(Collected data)
=== Begin Enclosure ===

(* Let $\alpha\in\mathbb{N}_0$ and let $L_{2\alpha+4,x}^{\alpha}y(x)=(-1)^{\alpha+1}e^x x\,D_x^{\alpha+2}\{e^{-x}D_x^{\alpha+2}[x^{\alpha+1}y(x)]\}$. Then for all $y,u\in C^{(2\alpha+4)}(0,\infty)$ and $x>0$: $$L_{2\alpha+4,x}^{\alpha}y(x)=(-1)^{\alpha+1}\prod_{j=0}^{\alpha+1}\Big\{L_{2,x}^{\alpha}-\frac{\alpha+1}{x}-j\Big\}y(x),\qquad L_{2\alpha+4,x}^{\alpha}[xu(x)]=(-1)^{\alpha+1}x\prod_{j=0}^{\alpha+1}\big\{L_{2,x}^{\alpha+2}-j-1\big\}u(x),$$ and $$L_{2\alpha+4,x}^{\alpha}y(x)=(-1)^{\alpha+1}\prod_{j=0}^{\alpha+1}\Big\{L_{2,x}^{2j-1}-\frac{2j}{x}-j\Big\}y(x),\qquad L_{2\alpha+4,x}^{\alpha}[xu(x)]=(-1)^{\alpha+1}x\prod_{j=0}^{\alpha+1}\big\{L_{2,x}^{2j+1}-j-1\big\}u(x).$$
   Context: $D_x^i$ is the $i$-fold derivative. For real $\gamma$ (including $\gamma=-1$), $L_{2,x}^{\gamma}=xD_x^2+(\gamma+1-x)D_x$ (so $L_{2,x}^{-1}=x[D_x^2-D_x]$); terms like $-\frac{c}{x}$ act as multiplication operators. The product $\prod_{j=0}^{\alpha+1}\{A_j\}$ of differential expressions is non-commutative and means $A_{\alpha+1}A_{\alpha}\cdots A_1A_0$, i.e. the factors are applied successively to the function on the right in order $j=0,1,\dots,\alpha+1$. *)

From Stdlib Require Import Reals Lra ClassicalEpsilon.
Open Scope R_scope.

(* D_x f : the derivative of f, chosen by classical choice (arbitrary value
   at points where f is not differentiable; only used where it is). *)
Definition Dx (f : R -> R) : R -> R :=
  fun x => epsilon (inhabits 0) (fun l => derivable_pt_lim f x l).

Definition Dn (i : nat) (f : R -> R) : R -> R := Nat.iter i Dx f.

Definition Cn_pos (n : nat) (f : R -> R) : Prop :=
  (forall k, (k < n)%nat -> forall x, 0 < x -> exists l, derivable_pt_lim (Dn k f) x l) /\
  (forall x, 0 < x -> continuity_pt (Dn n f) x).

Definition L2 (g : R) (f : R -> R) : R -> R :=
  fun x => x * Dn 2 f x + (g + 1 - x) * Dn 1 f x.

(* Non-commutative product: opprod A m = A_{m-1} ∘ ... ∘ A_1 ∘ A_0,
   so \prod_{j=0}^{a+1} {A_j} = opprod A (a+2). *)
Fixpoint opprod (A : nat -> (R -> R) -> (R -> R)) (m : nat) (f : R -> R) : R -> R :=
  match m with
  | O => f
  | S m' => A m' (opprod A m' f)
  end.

=== End Enclosure ===

EXERCISE DESCRIPTION: Every line above that holds "Definition" counts once; state the total and nothing else.

YOUR SOLUTION: 4